You can use the variant/visit mechanism.
1. The variant will be the possible records you expect to receive.
2. Use a factory to create the correct type of variant from the stream.
3. Use visit to process.
3.1. You can have common processing, in which case a single handler does the common processing.
3.2. You can have distinct processing, in which case the handler will be like your switch.
Nothing I suggested would be unreadable if you took some time to implement it cleanly.

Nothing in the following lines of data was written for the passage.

Lemma exists_succ_prec : exists succ prec : A -> A -> A,
  (forall x y z, omega (succ x y) z = omega y (circ x z)) /\
  (forall x y z, omega (prec x y) z = - omega x (circ y z + circ z y)).
Proof.
have [natV _ natVK] := natural_bij.
have natVE (g : dual A) z : omega (natV g) z = g z by rewrite -natural_omegaE natVK.
exists (fun x y => natV (linfun (fun z => omega y (circ x z) : K^o))).
exists (fun x y => natV (linfun (fun z => - omega x (circ y z + circ z y) : K^o))).
split=> x y z; rewrite natVE linfunE_linear // => a u v; rewrite !(circE, omegaE) //.
by rewrite /GRing.scale /=; ring.
Qed.

Lemma omega_cocycle_sym x a b :
  omega a (circ x b) + omega b (circ x a) = omega x (circ a b + circ b a).
Proof. by rewrite (omega_cocycle x a b) addrC subrK. Qed.

Lemma circ_sym_l a b c : circ (circ a b + circ b a) c = 0.
Proof. by rewrite circE Leibniz_mul_swap // addNr. Qed.

Lemma circ_sym_derivation y a b :
  circ y (circ a b + circ b a) =
  circ (circ y a) b + circ b (circ y a) + (circ (circ y b) a + circ a (circ y b)).
Proof.
rewrite circE (circ_Leibniz.2 y a b) (circ_Leibniz.2 y b a).
by rewrite addrACA [RHS]addrACA [circ a _ + _]addrC.
Qed.

Lemma omega_circ_sym x y z w :
  omega (circ x y) (circ z w + circ w z) =
  omega (circ x z) (circ y w) - omega (circ y z) (circ x w).
Proof.
have cocycle_sym_part :
    omega x (circ y (circ z w + circ w z)) - omega y (circ x (circ z w + circ w z)) =
    - omega (circ x y) (circ z w + circ w z).
  rewrite (omega_skew (circ x y)) opprK (omega_cocycle x y (circ z w + circ w z)).
  by rewrite circ_sym_l addr0.
have expand : omega (circ x y) (circ z w + circ w z) =
    omega x (circ y (circ z w + circ w z)) - omega y (circ x (circ z w + circ w z)) +
    2 * (omega (circ x z) (circ y w) - omega (circ y z) (circ x w)).
  rewrite -omega_cocycle_sym !Leibniz_mull // !omegaE.
  rewrite (omega_cocycle x (circ y z) w) (omega_cocycle y (circ x z) w).
  rewrite (omega_cocycle x (circ y w) z) (omega_cocycle y (circ x w) z).
  rewrite !circ_sym_derivation (omega_skew (circ y w)) (omega_skew (circ x w)) !omegaE.
  ring.
apply: (mulfI two_neq0); rewrite mulr_natl mulr2n {1}expand cocycle_sym_part; ring.
Qed.

Section SuccPrec.
Variables succ prec : A -> A -> A.
Hypotheses (succ_def : forall x y z, omega (succ x y) z = omega y (circ x z))
  (prec_def : forall x y z, omega (prec x y) z = - omega x (circ y z + circ z y)).

Lemma succ_add_prec x y : succ x y + prec x y = circ x y.
Proof.
apply: omega_inj_l => z; rewrite biformDl // succ_def prec_def.
by rewrite (omega_skew (circ x y)) (omega_cocycle x y z) opprB addrC.
Qed.

Lemma succ_bil : bilinear_mul succ.
Proof.
by split=> a x y z; apply: omega_inj_l => w; rewrite !(omegaE, succ_def, circE).
Qed.

Lemma prec_bil : bilinear_mul prec.
Proof.
by split=> a x y z; apply: omega_inj_l => w; rewrite !(omegaE, prec_def, circE); ring.
Qed.

Lemma natural_equiv :
  equiv_via (natural omega)
    (fun x => - Lmul succ x) (fun x => - Rmul prec x)
    (dualrep (Lmul circ)) (fun x => - dualrep (Lmul circ) x - dualrep (Rmul circ) x).
Proof.
split=> [|x v]; first exact: natural_bij.
split; apply/lfunP => z; rewrite !(add_lfunE, opp_lfunE, dualrepE, natural_omegaE).
  by rewrite (LmulE succ_bil) (LmulE circ_bil) biformNl // succ_def.
rewrite (RmulE prec_bil) (LmulE circ_bil) (RmulE circ_bil) biformNl // prec_def.
by rewrite biformDr // !opprK.
Qed.

Lemma natural_dual_equiv :
  equiv_via (natural_dual omega) (Lmul circ) (Rmul circ)
    (fun x => - dualrep (Lmul succ) x)
    (fun x => dualrep (Lmul succ) x + dualrep (Rmul prec) x).
Proof.
split=> [|x v]; first exact: natural_dual_bij.
split; apply/lfunP => u; rewrite !(add_lfunE, opp_lfunE, dualrepE, natural_dualE).
  by rewrite (LmulE circ_bil) (LmulE succ_bil) opprK succ_def.
rewrite (RmulE circ_bil) (LmulE succ_bil) (RmulE prec_bil) succ_def prec_def.
by rewrite opprK biformDr // addKr.
Qed.

Lemma succ_prec_rep :
  is_rep circ (fun x => - Lmul succ x) (fun x => - Rmul prec x).
Proof.
apply: equiv_rep natural_equiv _ _ (dual_rep (adjoint_rep circ_Leibniz)).
  exact/linear_oppf/Lmul_linear/succ_bil.
exact/linear_oppf/Rmul_linear/prec_bil.
Qed.

Lemma dual_succ_prec_rep :
  is_rep circ (fun x => - dualrep (Lmul succ) x)
    (fun x => dualrep (Lmul succ) x + dualrep (Rmul prec) x).
Proof.
by apply: is_rep_eq (dual_rep succ_prec_rep) => x; rewrite !dualrepN ?opprK.
Qed.

Lemma succ_prec_anti_pre_Leibniz : anti_pre_Leibniz succ prec.
Proof.
have [_ [_ rep]] := succ_prec_rep.
have succN x y : succ x (- y) = - succ x y := bimulNr succ_bil y x.
split; [exact: succ_bil | split; [exact: prec_bil | move=> x y z]].
rewrite !succ_add_prec; split.
- apply: omega_inj_l => w; rewrite biformDl // biformNl // prec_def !succ_def.
  by rewrite omega_circ_sym // opprB.
- have [+ _ _] := rep x y z; rewrite !opp_lfunE !(LmulE succ_bil) !succN !opprK.
  by move/(canRL (@opprK _)); rewrite opprB.
- have [_ + _] := rep y z x.
  rewrite !opp_lfunE !(LmulE succ_bil) !(RmulE prec_bil) succN (bimulNl prec_bil).
  by rewrite !opprK => /(canRL (@opprK _)); rewrite opprB.
- have [_ _] := rep x z y.
  by rewrite !opp_lfunE !(LmulE succ_bil) !(RmulE prec_bil) !(bimulNl prec_bil) !opprK.
Qed.

End SuccPrec.
End SkewSymmetricCocycle.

grouping variables of the same type, one really dumb and simple but readable way.

double data[3];
enum msgtype1{field1, field2, field3, mt1max};
enum msgtype2{red, green, blue, mt2max};
enum msgtype3{heading, pitch, roll, mt3max};
...
working with message type 2..
data[red] = something;
...
working with message type 3
data[pitch] = 3.14;
or for(i = 0; i < mt3max; i++)
foo(data[i]); //iterate all the items in that message of that type.

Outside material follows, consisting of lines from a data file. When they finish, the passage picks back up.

(* Let $X$ be a topological space, $Y$ a completely regular space, $G$ an infinite open subset of $Y$, $g,h:X\to\mathbb R$ continuous functions with $g\le0\le h$, and $A$ a functionally closed subset of $X$. Then there exists a separately continuous function $f:X\times Y\to\mathbb R$ such that $\operatorname{supp}f\subseteq(X\setminus A)\times G$ and, for every $x\in X\setminus A$, $\min_{y\in G}f(x,y)=g(x)$ and $\max_{y\in G}f(x,y)=h(x)$ (the minimum and maximum being attained).
   Context: Completely regular spaces are assumed $T_1$. $A\subseteq X$ is functionally closed if $A=\alpha^{-1}(0)$ for some continuous $\alpha:X\to[0,1]$. $\operatorname{supp}f=\{(x,y):f(x,y)\ne0\}$. $f$ is separately continuous if it is continuous in each variable when the other is fixed. *)

From HB Require Import structures.
From mathcomp Require Import all_boot all_order all_algebra.
From mathcomp Require Import all_classical all_reals all_analysis.
Set Implicit Arguments. Unset Strict Implicit. Unset Printing Implicit Defensive.
Import Order.TTheory GRing.Theory Num.Theory.
Import numFieldNormedType.Exports.
Local Open Scope classical_set_scope.
Local Open Scope ring_scope.

(* Completely regular (Tychonoff) space: points and closed sets are separated
   by continuous functions into [0,1]; plus the T1 axiom (accessible_space). *)
Definition completely_regular (R : realType) (T : topologicalType) : Prop :=
  accessible_space T /\
  forall (a : T) (B : set T), closed B -> ~ B a ->
    exists phi : T -> R, continuous phi /\ (forall t, 0 <= phi t <= 1) /\
      phi a = 0 /\ (forall b, B b -> phi b = 1).
Lemma T2_coassoc_eqhom (X Y Z : C) :
  eqhom (tens_assoc (T X) (T Y) (T Z)) ∘ (T2 B X Y ⊗ idm (T Z)) ∘ T2 B (tens X Y) Z
  = (idm (T X) ⊗ T2 B Y Z) ∘ T2 B X (tens Y Z) ∘ eqhom (f_equal T (tens_assoc X Y Z)).
Proof.
  pose proof (T2_coassoc B X Y Z) as E. rewrite castH_eqhom in E. rewrite <- E.
  rewrite <- !compA, eqhom_K, comp_id_r. reflexivity.
Qed.

Definition fusion_l2 (A X Y : C)
  : hom (T (tens A (tens (T X) (T Y)))) (tens (T A) (tens (T X) (T Y))) :=
  eqhom (tens_assoc (T A) (T X) (T Y)) ∘ (H A X ⊗ idm (T Y)) ∘ H (tens A (T X)) Y
  ∘ Tm (eqhom (eq_sym (tens_assoc A (T X) (T Y)))).

Lemma fusion_l2_T2 (A X Y : C) :
  fusion_l2 A X Y ∘ Tm (idm A ⊗ T2 B X Y) = (idm (T A) ⊗ T2 B X Y) ∘ H A (tens X Y).
Proof.
  unfold fusion_l2, fusion_l. rewrite tensm_comp_l, !compA.
  rewrite (congr_last3 _ _ _ _ _ (tensm_absorb_r _ _ _)), !compA, tensm_assoc_eqhom.
  rewrite (congr_last3 _ _ _ _ _ (T2_coassoc_eqhom _ _ _)), !compA.
  rewrite (congr_last2 _ _ _ _ (eq_trans (f_equal _ (Tmor_eqhom _)) (eqhom_K _ _))).
  rewrite comp_id_r, (congr_last2 _ _ _ _ (T2_nat B _ _)), Tmor_id, !compA.
  rewrite <- !tensm_comp_r, mu_T2. reflexivity.
Qed.

Definition coev_mu (X Y : C) : hom X (ihom L (T (T Y)) (tens X (T Y))) :=
  cur L (idm X ⊗ mu B Y).

Lemma coev_mu_coev (X Y : C) :
  coev_mu X Y = ihom_map L (idm _) (idm X ⊗ mu B Y) ∘ coev L (T (T Y)) X.
Proof.
  apply uncur_inj. rewrite uncur_ihom_map_comp, uncur_coev, comp_id_r, tensm_id, comp_id_r.
  apply uncur_cur.
Qed.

crude, but its readable if you use good enum names. There are other ways to do the above, its just a basic approach. 3 spaces, represent 9 things. It may not work for your code, that is fine. But it does not need to be a mess like making double_number_1 and using it for 20 different meanings. You can also use references to rename an array location if all the enums seems clunky. double &pitch = data[1];


@kbw

I didn't know the variant/visit mechanism. I am going to check it and try to understand your suggestions. Thank you for recommendations.

@jonnin

I see, for a specific type of message, place the same types into single array and use enums to get the respective variable out of the array. Then, I will have a lookup table that shows the type of the n-th element in the message stream. I will see if I can arrange it, because to have consistency among the code, parsing or using message field should be somewhat same. Thank you for the elaboration.
Topic archived. No new replies allowed.